**MATERIAL FOR THIS EXERCISE:**

== Segment start ==

(* Let $H\in\mathbb{R}^{n\times d}$ have rank $h$, $\Sigma\in\mathbb{R}^{n\times n}$ symmetric positive definite, and let $\Gamma_i$ ($i\ge0$) be the empirical covariances of deterministic EKI iterates $v_{i+1}^{(j)}=v_i^{(j)}+\Gamma_iH^\top(H\Gamma_iH^\top+\Sigma)^{-1}(y-Hv_i^{(j)})$. Let $\mathbb{M}_i=(I+\Gamma_iH^\top\Sigma^{-1}H)^{-1}$ and let $\mathbb{P},\mathbb{Q},\mathbb{N}$ be as in the context. Then for every $i\ge0$: $\mathbb{M}_i$ commutes with each of $\mathbb{P},\mathbb{Q},\mathbb{N}$; $\mathbb{P}^2=\mathbb{P}$, $\mathbb{Q}^2=\mathbb{Q}$, $\mathbb{N}^2=\mathbb{N}$; $\mathbb{P}\mathbb{Q}=\mathbb{Q}\mathbb{N}=\mathbb{P}\mathbb{N}=0$; and $\mathbb{P}+\mathbb{Q}+\mathbb{N}=I$.
   Context: $H^+=(H^\top\Sigma^{-1}H)^\dagger H^\top\Sigma^{-1}$. Let $r$ be the number of positive eigenvalues of $H\Gamma_0H^\top w=\delta\Sigma w$, and $w_1,\dots,w_n$ a basis of $\mathbb{R}^n$ with $w_k^\top\Sigma w_l$ equal to $1$ if $k=l$, $0$ otherwise, each $w_\ell$ a generalized eigenvector of $(H\Gamma_iH^\top,\Sigma)$ for every $i\ge0$ with eigenvalue $\delta_{\ell,i}$, where $w_1,\dots,w_r\in\mathsf{Ran}(\Sigma^{-1}H)$ have positive eigenvalues, $w_{r+1},\dots,w_h\in\mathsf{Ran}(\Sigma^{-1}H)$ eigenvalue zero, $w_{h+1},\dots,w_n$ a basis of $\mathsf{Ker}(H^\top)$. Let $u_\ell=\frac1{\delta_{\ell,0}}\Gamma_0H^\top w_\ell$ ($\ell\le r$), $u_\ell=H^+\Sigma w_\ell$ ($r<\ell\le h$), $U=[u_1,\dots,u_h]$, $U_{k:l}$ its columns $k$ through $l$. $\mathbb{P}=U_{1:r}U_{1:r}^\top H^\top\Sigma^{-1}H$, $\mathbb{Q}=U_{r+1:h}U_{r+1:h}^\top H^\top\Sigma^{-1}H$, $\mathbb{N}=I-\mathbb{P}-\mathbb{Q}$. *)

From HB Require Import structures.
From mathcomp Require Import all_boot all_order all_algebra.
Set Implicit Arguments. Unset Strict Implicit. Unset Printing Implicit Defensive.
Import Order.TTheory GRing.Theory Num.Theory.
Local Open Scope ring_scope.

Section EKI.
Variable R : realFieldType.

(* Ensemble of J particles in R^d stored as the columns of a d x J matrix. *)
Definition ens_mean_mx d J (V : 'M[R]_(d, J)) : 'M[R]_(d, J) :=
  V *m (J%:R^-1 *: const_mx 1).

Definition emp_cov d J (V : 'M[R]_(d, J)) : 'M[R]_d :=
  let C := V - ens_mean_mx V in J%:R^-1 *: (C *m C^T).

Definition eki_step n d J (H : 'M[R]_(n, d)) (Sigma : 'M[R]_n)
    (y : 'cV[R]_n) (V : 'M[R]_(d, J)) : 'M[R]_(d, J) :=
  let G := emp_cov V in
  V + G *m H^T *m invmx (H *m G *m H^T + Sigma)
        *m (y *m const_mx 1 - H *m V).

Definition eki_iter n d J (H : 'M[R]_(n, d)) (Sigma : 'M[R]_n)
    (y : 'cV[R]_n) (V0 : 'M[R]_(d, J)) (i : nat) : 'M[R]_(d, J) :=
  iter i (eki_step H Sigma y) V0.

Definition eki_cov n d J (H : 'M[R]_(n, d)) (Sigma : 'M[R]_n)
    (y : 'cV[R]_n) (V0 : 'M[R]_(d, J)) (i : nat) : 'M[R]_d :=
  emp_cov (eki_iter H Sigma y V0 i).

Definition eki_M n d J (H : 'M[R]_(n, d)) (Sigma : 'M[R]_n)
    (y : 'cV[R]_n) (V0 : 'M[R]_(d, J)) (i : nat) : 'M[R]_d :=
  invmx (1%:M + eki_cov H Sigma y V0 i *m H^T *m invmx Sigma *m H).

Definition sym_posdef n (S : 'M[R]_n) : Prop :=
  S^T = S /\ forall x : 'cV[R]_n, x != 0 -> 0 < (x^T *m S *m x) 0 0.

Definition is_MP_pinv m k (A : 'M[R]_(m, k)) (X : 'M[R]_(k, m)) : Prop :=
  [/\ A *m X *m A = A, X *m A *m X = X,
      (A *m X)^T = A *m X & (X *m A)^T = X *m A].

(* u_l: for l < r, (1/delta_{l,0}) Gamma_0 H^T w_l;
        otherwise  H^+ Sigma w_l  with H^+ = Adag H^T Sigma^{-1},
        Adag the MP pseudo-inverse of H^T Sigma^{-1} H
   (only used for l < h). Indices are 0-based. *)
Definition eki_u n d (H : 'M[R]_(n, d)) (Sigma : 'M[R]_n) (G0 : 'M[R]_d)
    (Adag : 'M[R]_d) (W : 'M[R]_n) (delta0 : 'I_n -> R) (r : nat)
    (l : 'I_n) : 'cV[R]_d :=
  if (l < r)%N then (delta0 l)^-1 *: (G0 *m H^T *m col l W)
  else Adag *m H^T *m invmx Sigma *m Sigma *m col l W.

(* U_{a:b} U_{a:b}^T H^T Sigma^{-1} H, with U_{a:b}U_{a:b}^T written as the
   sum of outer products u_l u_l^T over a <= l < b (0-based). *)
Definition eki_proj n d (H : 'M[R]_(n, d)) (Sigma : 'M[R]_n) (G0 : 'M[R]_d)
    (Adag : 'M[R]_d) (W : 'M[R]_n) (delta0 : 'I_n -> R) (r a b : nat)
    : 'M[R]_d :=
  (\sum_(l < n | (a <= l < b)%N)
      eki_u H Sigma G0 Adag W delta0 r l *m (eki_u H Sigma G0 Adag W delta0 r l)^T)
  *m H^T *m invmx Sigma *m H.

End EKI.

From HB Require Import structures.
From mathcomp Require Import all_boot all_order all_algebra.
From mathcomp Require Import ring.
Set Implicit Arguments. Unset Strict Implicit. Unset Printing Implicit Defensive.
Import Order.TTheory GRing.Theory Num.Theory.
Local Open Scope ring_scope.

(* Write A = H^T Sigma^-1 H and w_l for the l-th column of W. If
   H Gamma H^T w = delta Sigma w, one EKI step maps Gamma H^T w to
   (1 + delta)^-2 Gamma H^T w, so every Gamma_i H^T w_l is a multiple of
   Gamma_0 H^T w_l; since A u_l = H^T w_l, each u_l (l < h) is an eigenvector
   of Gamma_i A. The u_l are moreover A-orthonormal, so for an index interval
   I the matrix (sum_(l in I) u_l u_l^T) A is idempotent, two disjoint
   intervals give orthogonal projections, and each such projection commutes
   with Gamma_i A, hence with M_i = (I + Gamma_i A)^-1. N = I - P - Q is then
   the complementary projection. *)

Lemma comm_mx_invmx (R : comUnitRingType) (d : nat) (X P : 'M[R]_d) :
  comm_mx X P -> comm_mx (invmx X) P.
Proof.
rewrite /comm_mx => XP; have [uX|/invmx_out -> //] := boolP (X \in unitmx).
rewrite -[LHS]mulmx1 -(mulmxV uX) mulmxA -(mulmxA _ P) -XP.
by rewrite mulmxA mulVmx ?mul1mx.
Qed.

Section OuterSums.
Variables (R : comNzRingType) (n d : nat).
Implicit Types (A G : 'M[R]_d) (u : 'I_n -> 'cV[R]_d) (p q : pred 'I_n).

Definition outer_sum u p : 'M[R]_d := \sum_(l | p l) u l *m (u l)^T.

Lemma eq_outer_sum u p q : p =1 q -> outer_sum u p = outer_sum u q.
Proof. exact: eq_bigl. Qed.

Lemma outer_sum_pred0 u p : p =1 pred0 -> outer_sum u p = 0.
Proof. by move=> p0; rewrite /outer_sum big_pred0. Qed.

Lemma mulmx_outer_sum_orthonormal A u p q :
  (forall k l, p k -> q l -> (u k)^T *m A *m u l = (k == l)%:R%:M) ->
  outer_sum u p *m A *m (outer_sum u q *m A) = outer_sum u (predI p q) *m A.
Proof.
move=> orth; rewrite mulmxA; congr (_ *m A).
rewrite /outer_sum 2!mulmx_suml [RHS]big_mkcondr /=; apply: eq_bigr => k pk.
rewrite mulmx_sumr (eq_bigr (fun l => (k == l)%:R *: (u k *m (u l)^T)));
  last first.
  move=> l ql; rewrite !mulmxA -2!(mulmxA (u k)) orth //.
  by rewrite mul_mx_scalar scalemxAl.
have [qk|nqk] := boolP (q k).
  rewrite (bigD1 k) //= eqxx scale1r big1 ?addr0 // => l /andP[_ lk].
  by rewrite eq_sym (negbTE lk) scale0r.
apply: big1 => l ql; have /negbTE-> : k != l by apply: contraNneq nqk => ->.
by rewrite scale0r.
Qed.

Lemma comm_mx_outer_sum A G u p :
  A^T = A -> G^T = G ->
  (forall l, p l -> exists c, G *m A *m u l = c *: u l) ->
  comm_mx (G *m A) (outer_sum u p *m A).
Proof.
move=> sA sG eigen; rewrite /comm_mx !mulmxA; congr (_ *m A).
rewrite /outer_sum mulmx_sumr -[RHS]mulmxA mulmx_suml; apply: eq_bigr => l pl.
have [c Gu] := eigen l pl.
have uG : (u l)^T *m (A *m G) = c *: (u l)^T.
  by apply: trmx_inj; rewrite !trmx_mul trmxK sA sG linearZ /= trmxK.
by rewrite mulmxA Gu -scalemxAl -mulmxA uG scalemxAr.
Qed.

End OuterSums.

Lemma complementary_projections (R : nzRingType) (d : nat) (P Q M : 'M[R]_d) :
  P *m P = P -> Q *m Q = Q -> P *m Q = 0 -> Q *m P = 0 ->
  comm_mx M P -> comm_mx M Q ->
  let N := 1%:M - P - Q in
  [/\ comm_mx M N, N *m N = N, Q *m N = 0, P *m N = 0 & P + Q + N = 1%:M].
Proof.
move=> PP QQ PQ QP MP MQ N.
have PN : P *m N = 0 by rewrite !mulmxBr mulmx1 PP PQ subrr subr0.
have QN : Q *m N = 0 by rewrite !mulmxBr mulmx1 QP QQ subr0 subrr.
split=> //.
- by rewrite /comm_mx !mulmxBr !mulmxBl mulmx1 mul1mx MP MQ.
- by rewrite [in LHS]/N 2!mulmxBl PN QN mul1mx !subr0.
- by rewrite /N addrC [P + Q]addrC addrA 2!subrK.
Qed.

Section EmpiricalCovariance.
Variables (R : realFieldType) (d J : nat).
Implicit Types (V : 'M[R]_(d, J)) (x : 'cV[R]_d).

Lemma emp_cov_sym V : (emp_cov V)^T = emp_cov V.
Proof. by rewrite /emp_cov linearZ /= trmx_mul trmxK. Qed.

Lemma emp_cov_quadE V x :
  (x^T *m emp_cov V *m x) 0 0
  = J%:R^-1 * \sum_j (((V - ens_mean_mx V)^T *m x) j 0) ^+ 2.
Proof.
rewrite /emp_cov; set C := V - _.
have -> : x^T *m (J%:R^-1 *: (C *m C^T)) *m x
    = J%:R^-1 *: ((C^T *m x)^T *m (C^T *m x)).
  by rewrite -scalemxAr -scalemxAl trmx_mul trmxK !mulmxA.
rewrite mxE; congr (_ * _); rewrite mxE.
by apply: eq_bigr => j _; rewrite mxE expr2.
Qed.

Lemma emp_cov_psd V x : 0 <= (x^T *m emp_cov V *m x) 0 0.
Proof.
rewrite emp_cov_quadE mulr_ge0 ?invr_ge0 ?ler0n //.
by apply: sumr_ge0 => j _; rewrite sqr_ge0.
Qed.

Lemma emp_cov_quad_eq0 V x :
  (x^T *m emp_cov V *m x) 0 0 = 0 -> emp_cov V *m x = 0.
Proof.
rewrite emp_cov_quadE; set C := V - _ => /eqP.
have [J0 _|J0] := eqVneq J 0%N.
  by rewrite /emp_cov (_ : J%:R^-1 = 0) ?scale0r ?mul0mx // J0 invr0.
rewrite mulf_eq0 invr_eq0 pnatr_eq0 (negbTE J0) /= psumr_eq0 => [/allP Cx0|j _].
  have Ctx : C^T *m x = 0.
    apply/matrixP => j k; rewrite ord1 [RHS]mxE.
    by have /= := Cx0 j (mem_index_enum j); rewrite sqrf_eq0 => /eqP.
  by rewrite /emp_cov -/C -scalemxAl -mulmxA Ctx mulmx0 scaler0.
by rewrite sqr_ge0.
Qed.

Lemma const_mx1_mul_mean :
  (const_mx 1 : 'rV[R]_J) *m (J%:R^-1 *: const_mx 1 : 'M_J) = const_mx 1.
Proof.
apply/matrixP => i j; case: J j => [[] //|J' j].
rewrite !mxE; under eq_bigr do rewrite !mxE mul1r mulr1.
by rewrite sumr_const card_ord -[LHS]mulr_natl mulfV ?pnatr_eq0.
Qed.

Lemma emp_cov_eki_step n (H : 'M[R]_(n, d)) Sigma y V :
  let G := emp_cov V in
  let B := 1%:M - G *m H^T *m invmx (H *m G *m H^T + Sigma) *m H in
  emp_cov (eki_step H Sigma y V) = B *m G *m B^T.
Proof.
move=> G B; set E := (J%:R^-1 *: const_mx 1 : 'M[R]_J).
have centerE X : X - ens_mean_mx X = X *m (1%:M - E) :> 'M_(d, J).
  by rewrite mulmxBr mulmx1.
have center_y : y *m const_mx 1 *m (1%:M - E) = 0.
  by rewrite -mulmxA mulmxBr mulmx1 const_mx1_mul_mean subrr mulmx0.
have step_center : eki_step H Sigma y V - ens_mean_mx (eki_step H Sigma y V)
    = B *m (V - ens_mean_mx V).
  rewrite !centerE /eki_step -/G mulmxDl -mulmxA mulmxBl center_y sub0r mulmxN.
  by rewrite /B mulmxBl mul1mx -!mulmxA.
rewrite /emp_cov step_center -/(emp_cov V) -/G /G /emp_cov.
by rewrite trmx_mul -scalemxAr -scalemxAl !mulmxA.
Qed.

End EmpiricalCovariance.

== Segment end ==

**INSTRUCTIONS TO FOLLOW:** From the records above, extract exactly and only the lines that begin at the line with "Implicit Types (A" and stop after the line with "Lemma outer_sum_pred0 u".

**RESULT FOR THIS TASK:**
Implicit Types (A G : 'M[R]_d) (u : 'I_n -> 'cV[R]_d) (p q : pred 'I_n).

Definition outer_sum u p : 'M[R]_d := \sum_(l | p l) u l *m (u l)^T.

Lemma eq_outer_sum u p q : p =1 q -> outer_sum u p = outer_sum u q.
Proof. exact: eq_bigl. Qed.

Lemma outer_sum_pred0 u p : p =1 pred0 -> outer_sum u p = 0.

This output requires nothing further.